## ACTIVITY
Where the records below show a line containing "rewrite !oddD !oddM.", start copying; end with the line containing "Definition theta (p", and copy it too.

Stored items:
###

(* Let $\textsc{prop}$ be a finite set of propositional variables and $w$ a propositional variable not in $\textsc{prop}$. Then (1) $\mathrm{PL}_{\{\oplus_3\}}[\textsc{prop}]\leq_{pc}\mathrm{PL}_{\{\mathsf{oxor}\}}[\textsc{prop}\cup\{w\}]$, and (2) $\mathrm{PL}_{\{\oplus_3\}}[\textsc{prop}]\leq_{pc}\mathrm{PL}_{\{\mathsf{aimp}\}}[\textsc{prop}\cup\{w\}]$.
   Context: $\oplus_3(x,y,z)=x\oplus y\oplus z$, $\mathsf{oxor}(x,y,z)=x\lor(y\oplus z)$, $\mathsf{aimp}(x,y,z)=x\land(y\to z)$. For a set $O$ of Boolean functions and finite variable set $P$, $\mathrm{PL}_O[P]$ is the set of formulas $\phi::=x\mid f(\phi_1,\dots,\phi_n)$ with $x\in P$, $f\in O$, viewed as the concept class whose concepts are these formulas, whose examples are truth assignments $V:P\to\{0,1\}$, and where $\lambda(\phi)$ is the set of satisfying assignments. For concept classes $\mathcal{C}_i=(C_i,E_i,\lambda_i)$, $\mathcal{C}_1\leq_{pc}\mathcal{C}_2$ means there are $f:C_1\to C_2$ and $h:E_1\to E_2$ such that (i) for all $c\in C_1,e\in E_1$: $e\in\lambda_1(c)$ iff $h(e)\in\lambda_2(f(c))$; and (ii) for each $e\in E_2$, either $e\in\lambda_2(f(c))$ for all $c\in C_1$, or for no $c\in C_1$, or there is $e'\in E_1$ with $\{c\mid e\in\lambda_2(f(c))\}=\{c\mid e'\in\lambda_1(c)\}$. *)

From mathcomp Require Import all_boot.
Set Implicit Arguments. Unset Strict Implicit. Unset Printing Implicit Defensive.

Definition xor3 (x y z : bool) : bool := xorb x (xorb y z).
Definition oxor (x y z : bool) : bool := x || xorb y z.
Definition aimp (x y z : bool) : bool := x && (y ==> z).

Inductive form3 (V : Type) : Type :=
| FVar : V -> form3 V
| FOp  : form3 V -> form3 V -> form3 V -> form3 V.
Arguments FVar {V} _.
Arguments FOp {V} _ _ _.

Fixpoint eval3 (V : Type) (f : bool -> bool -> bool -> bool)
    (v : V -> bool) (phi : form3 V) : bool :=
  match phi with
  | FVar x => v x
  | FOp a b c => f (eval3 f v a) (eval3 f v b) (eval3 f v c)
  end.

Record concept_class := ConceptClass {
  cc_C : Type;
  cc_E : Type;
  cc_lam : cc_C -> cc_E -> Prop
}.

Definition PL3 (f : bool -> bool -> bool -> bool) (V : Type) : concept_class :=
  @ConceptClass (form3 V) (V -> bool) (fun phi v => eval3 f v phi = true).

(** Polynomial-free "pc" reduction C1 <=_pc C2, exactly as in the paper. *)
Definition pc_reducible (K1 K2 : concept_class) : Prop :=
  exists (f : cc_C K1 -> cc_C K2) (h : cc_E K1 -> cc_E K2),
    (forall (c : cc_C K1) (e : cc_E K1), cc_lam c e <-> cc_lam (f c) (h e)) /\
    (forall e : cc_E K2,
        (forall c : cc_C K1, cc_lam (f c) e) \/
        (forall c : cc_C K1, ~ cc_lam (f c) e) \/
        (exists e' : cc_E K1, forall c : cc_C K1, cc_lam (f c) e <-> cc_lam c e')).

(** The fresh variable w acts as a switch. With w := 0, oxor(w, y, z) is
    y xor z; with w := 1, aimp(w, y, z) is y -> z, so aimp(aimp(w, x, y), y, x)
    is x <-> y. Either way xor3 is expressible, giving a faithful translation
    of xor3-formulas when w has its guard value. Wrapping the translation as
    oxor(w, _, w), resp. aimp(w, w, _), makes every translated formula constant
    when w has the other value, which yields condition (ii). *)
From mathcomp Require Import all_boot.

Set Implicit Arguments.
Unset Strict Implicit.
Unset Printing Implicit Defensive.

Definition wvar {V : Type} : form3 (option V) := FVar None.

Section Translation.

Variables (V : Type) (f g : bool -> bool -> bool -> bool).
Variable op : form3 (option V) -> form3 (option V) -> form3 (option V) ->
  form3 (option V).

Fixpoint translate (c : form3 V) : form3 (option V) :=
  match c with
  | FVar x => FVar (Some x)
  | FOp a b d => op (translate a) (translate b) (translate d)
  end.

Lemma eval_translate (e : option V -> bool) :
  (forall x y z, eval3 g e (op x y z) =
     f (eval3 g e x) (eval3 g e y) (eval3 g e z)) ->
  forall c, eval3 g e (translate c) = eval3 f (e \o Some) c.
Proof. by move=> opE; elim=> [x|a IHa b IHb d IHd] //=; rewrite opE IHa IHb IHd. Qed.

End Translation.

Section GuardedReduction.

Variables (V : Type) (f g : bool -> bool -> bool -> bool).
Variables (t : form3 V -> form3 (option V)) (guard k : bool).

Hypothesis eval_guarded : forall e c,
  e None = guard -> eval3 g e (t c) = eval3 f (e \o Some) c.
Hypothesis eval_unguarded : forall e c,
  e None = ~~ guard -> eval3 g e (t c) = k.

Lemma pc_reducible_guarded : pc_reducible (PL3 f V) (PL3 g (option V)).
Proof.
exists t, (fun v => oapp v guard); split=> [c v | e] /=.
  by rewrite eval_guarded.
have [eG | eG] : e None = guard \/ e None = ~~ guard
  by case: (e None); case: guard; auto.
  by right; right; exists (e \o Some) => c; rewrite eval_guarded.
by case: k eval_unguarded => tE; [left | right; left] => c; rewrite tE.
Qed.

End GuardedReduction.

Section OxorTranslation.

Variable V : Type.

Definition oxor_xor3 (x y z : form3 (option V)) : form3 (option V) :=
  FOp wvar x (FOp wvar y z).

Lemma eval_oxor_xor3 (e : option V -> bool) : e None = false ->
  forall x y z,
  eval3 oxor e (oxor_xor3 x y z) =
  xor3 (eval3 oxor e x) (eval3 oxor e y) (eval3 oxor e z).
Proof. by move=> eW x y z; rewrite /= /oxor eW. Qed.

Definition oxor_of_xor3 (c : form3 V) : form3 (option V) :=
  FOp wvar (translate oxor_xor3 c) wvar.

Lemma pc_reducible_xor3_oxor : pc_reducible (PL3 xor3 V) (PL3 oxor (option V)).
Proof.
apply: (@pc_reducible_guarded _ _ _ oxor_of_xor3 false true) => e c /= eW.
  by rewrite eW (eval_translate (eval_oxor_xor3 eW)); case: (eval3 xor3 _ c).
by rewrite eW.
Qed.

End OxorTranslation.

Section AimpTranslation.

Variable V : Type.

Definition aimp_iff (x y : form3 (option V)) : form3 (option V) :=
  FOp (FOp wvar x y) y x.

Lemma eval_aimp_iff (e : option V -> bool) x y : e None = true ->
  eval3 aimp e (aimp_iff x y) = (eval3 aimp e x == eval3 aimp e y).
Proof.
by rewrite /= /aimp => ->; case: (eval3 aimp e x); case: (eval3 aimp e y).
Qed.

Definition aimp_xor3 (x y z : form3 (option V)) : form3 (option V) :=
  aimp_iff x (aimp_iff y z).

Lemma eval_aimp_xor3 (e : option V -> bool) : e None = true ->
  forall x y z,
  eval3 aimp e (aimp_xor3 x y z) =
  xor3 (eval3 aimp e x) (eval3 aimp e y) (eval3 aimp e z).
Proof.
move=> eW x y z; rewrite /aimp_xor3 !eval_aimp_iff // /xor3.
by case: (eval3 aimp e x); case: (eval3 aimp e y); case: (eval3 aimp e z).
Qed.

Definition aimp_of_xor3 (c : form3 V) : form3 (option V) :=
  FOp wvar wvar (translate aimp_xor3 c).

Lemma pc_reducible_xor3_aimp : pc_reducible (PL3 xor3 V) (PL3 aimp (option V)).
Proof.
apply: (@pc_reducible_guarded _ _ _ aimp_of_xor3 true false) => e c /= eW.
  by rewrite eW (eval_translate (eval_aimp_xor3 eW)).
by rewrite eW.
Qed.

End AimpTranslation.

(* PROP is the finite type P; PROP ∪ {w} with w ∉ PROP is option P, w = None. *)
Theorem propositionA7 (P : finType) :
  pc_reducible (PL3 xor3 P) (PL3 oxor (option P)) /\
  pc_reducible (PL3 xor3 P) (PL3 aimp (option P)).
Proof. by split; [apply: pc_reducible_xor3_oxor | apply: pc_reducible_xor3_aimp]. Qed.
Lemma stable_unattractiveF mu E w :
  stable rankW rankF mu -> (forall w, (w, mu w) \in E) ->
  ~~ unattractiveF rankW rankF E w (mu w).
Proof.
move=> mu_stable mu_in; apply/existsPn => w'.
apply/and3P => -[_ w'_pref /topWP[_ w'_top]].
have w'_neq : mu w' != mu w.
  by rewrite (inj_eq perm_inj); apply: contraTneq w'_pref => ->; rewrite prefW_irr.
move/negP: (mu_stable w' (mu w)); apply.
by rewrite /blocking w'_top ?mu_in // permK.
Qed.

End Step.

Section Invariant.
Variables (n : nat) (rankW rankF : 'I_n -> {perm 'I_n}).

Lemma deletions_rejected_step E :
  deletions_rejected rankW rankF E ->
  deletions_rejected rankW rankF (idua_step rankW rankF E).
Proof.
move=> E_rej w f; rewrite mem_step negb_and negbK -idua_step_transpose.
case/orP => [/E_rej/orP[] | ].
- by move/firm_rejects_step ->.
- by move/firm_rejects_step ->; rewrite orbT.
rewrite unattractiveE => /orP[] /firm_rejects_unattractiveF -> //; exact: orbT.
Qed.

Lemma deletions_rejected_L k : deletions_rejected rankW rankF (L rankW rankF k).
Proof.
elim: k => [|k IHk]; first by move=> w f; rewrite in_setT.
by rewrite LS; apply: deletions_rejected_step.
Qed.

Lemma stable_in_L mu k w :
  stable rankW rankF mu -> (w, mu w) \in L rankW rankF k.
Proof.
move=> mu_stable; elim: k w => [|k IHk] w; first by rewrite in_setT.
have muV_in f : (f, (mu^-1)%g f) \in L rankF rankW k.
  by rewrite L_transpose mem_transpose -{2}(permKV mu f) IHk.
rewrite LS mem_step IHk unattractiveE negb_or -L_transpose.
rewrite (stable_unattractiveF _ mu_stable IHk) andbT -{2}(permK mu w).
by apply: stable_unattractiveF muV_in; apply/stable_transpose.
Qed.

End Invariant.

Section TopMatching.
Variables (n : nat) (rankW rankF : 'I_n -> {perm 'I_n}).
Implicit Types (w f : 'I_n).
Local Notation E := (Lstar rankW rankF).

Lemma Lstar_fixed : idua_step rankW rankF E = E.
Proof. by rewrite /Lstar /kstar; case: ex_minnP => k /eqP. Qed.

Lemma Lstar_unattractiveF w f : unattractiveF rankW rankF E w f -> (w, f) \notin E.
Proof. by move/unattractiveF_step; rewrite Lstar_fixed. Qed.

Lemma Lstar_list_neq0 w : exists f, (w, f) \in E.
Proof.
(* If the list of w were empty, the invariant would make every firm the head
   of some worker's list; these n workers are distinct, so w is among them. *)
have [/existsP // | /existsPn w_out] := boolP [exists f, (w, f) \in E].
have held f : exists w', topW rankW E w' f.
  case/orP: (deletions_rejected_L (w_out f)).
    by case/andP => /existsP.
  case/andP => /existsP[f' /topWP[]]; rewrite mem_transpose.
  by rewrite (negbTE (w_out f')).
have [holder holderP] := fin_all_exists held.
have holder_inj : injective holder.
  by move=> f f' eq_holder; apply: topW_uniq (holderP f) _; rewrite eq_holder.
have [holderV _ holderVK] := injF_bij holder_inj.
by have /topWP[] := holderP (holderV w); rewrite holderVK (negbTE (w_out _)).
Qed.
Lemma mpow_skew_u (c : K) n :
  mpow (@skew_mul K) (cst c * var_u) n = cst (c ^+ n) * mono n 0.
Proof.
elim: n => [|n IH]; first by rewrite /mpow /= expr0 cst1 /mono !expr0 mulr1 mul1r.
rewrite /mpow /= -/(mpow _ _ n) IH.
have -> : cst c * var_u = cst c * mono 1 0 by rewrite /mono expr0 mulr1 expr1.
by rewrite skew_mul_mono mul0n expr0 mulr1 -exprS.
Qed.

End SkewProduct.

Lemma binom2D j b : 'C(j + b, 2) = ('C(j, 2) + 'C(b, 2) + j * b)%N.
Proof.
elim: b => [|b IH]; first by rewrite addn0 bin0n muln0 !addn0.
by rewrite addnS !binS !bin1 IH; lia.
Qed.

(* If x + y = 2 s then C(x,2) + s and C(y,2) + x y have the same parity;
   this is the sign bookkeeping behind the twist of swap-type maps. *)
Lemma binom2_half_parity (x y s : nat) : (x + y = 2 * s)%N ->
  odd ('C(x, 2) + s) = odd ('C(y, 2) + y * x).
Proof.
move=> Hs.
have H2 : 'C(s + s, 2) = ('C(s, 2) + 'C(s, 2) + s * s)%N by apply: binom2D.
have Hss : (s + s = x + y)%N by lia.
rewrite Hss binom2D in H2.
have : odd ('C(x, 2) + 'C(y, 2) + x * y) = odd ('C(s, 2) + 'C(s, 2) + s * s) by rewrite H2.
rewrite !oddD !oddM.
by case: (odd 'C(x,2)); case: (odd 'C(y,2)); case: (odd x); case: (odd y);
   case: (odd s); case: (odd 'C(s,2)).
Qed.

Section SignTwist.
Variable K : fieldType.
Notation PP := {poly {poly K}}.
Implicit Types p q : PP.

Definition sgn2 (j : nat) : K := (-1) ^+ 'C(j, 2).

Definition theta (p : PP) : PP := \poly_(j < size p) (sgn2 j *: p`_j).

Lemma coef2_theta p x y : coef2 (theta p) x y = coef2 p x y * sgn2 y.
Proof.
rewrite /coef2 /theta coef_poly; case: ltnP => H; first by rewrite coefZ mulrC.
by rewrite coef0 [p`_y]nth_default // coef0 mul0r.
Qed.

###

## YOUR SOLUTION
rewrite !oddD !oddM.
by case: (odd 'C(x,2)); case: (odd 'C(y,2)); case: (odd x); case: (odd y);
   case: (odd s); case: (odd 'C(s,2)).
Qed.

Section SignTwist.
Variable K : fieldType.
Notation PP := {poly {poly K}}.
Implicit Types p q : PP.

Definition sgn2 (j : nat) : K := (-1) ^+ 'C(j, 2).

Definition theta (p : PP) : PP := \poly_(j < size p) (sgn2 j *: p`_j).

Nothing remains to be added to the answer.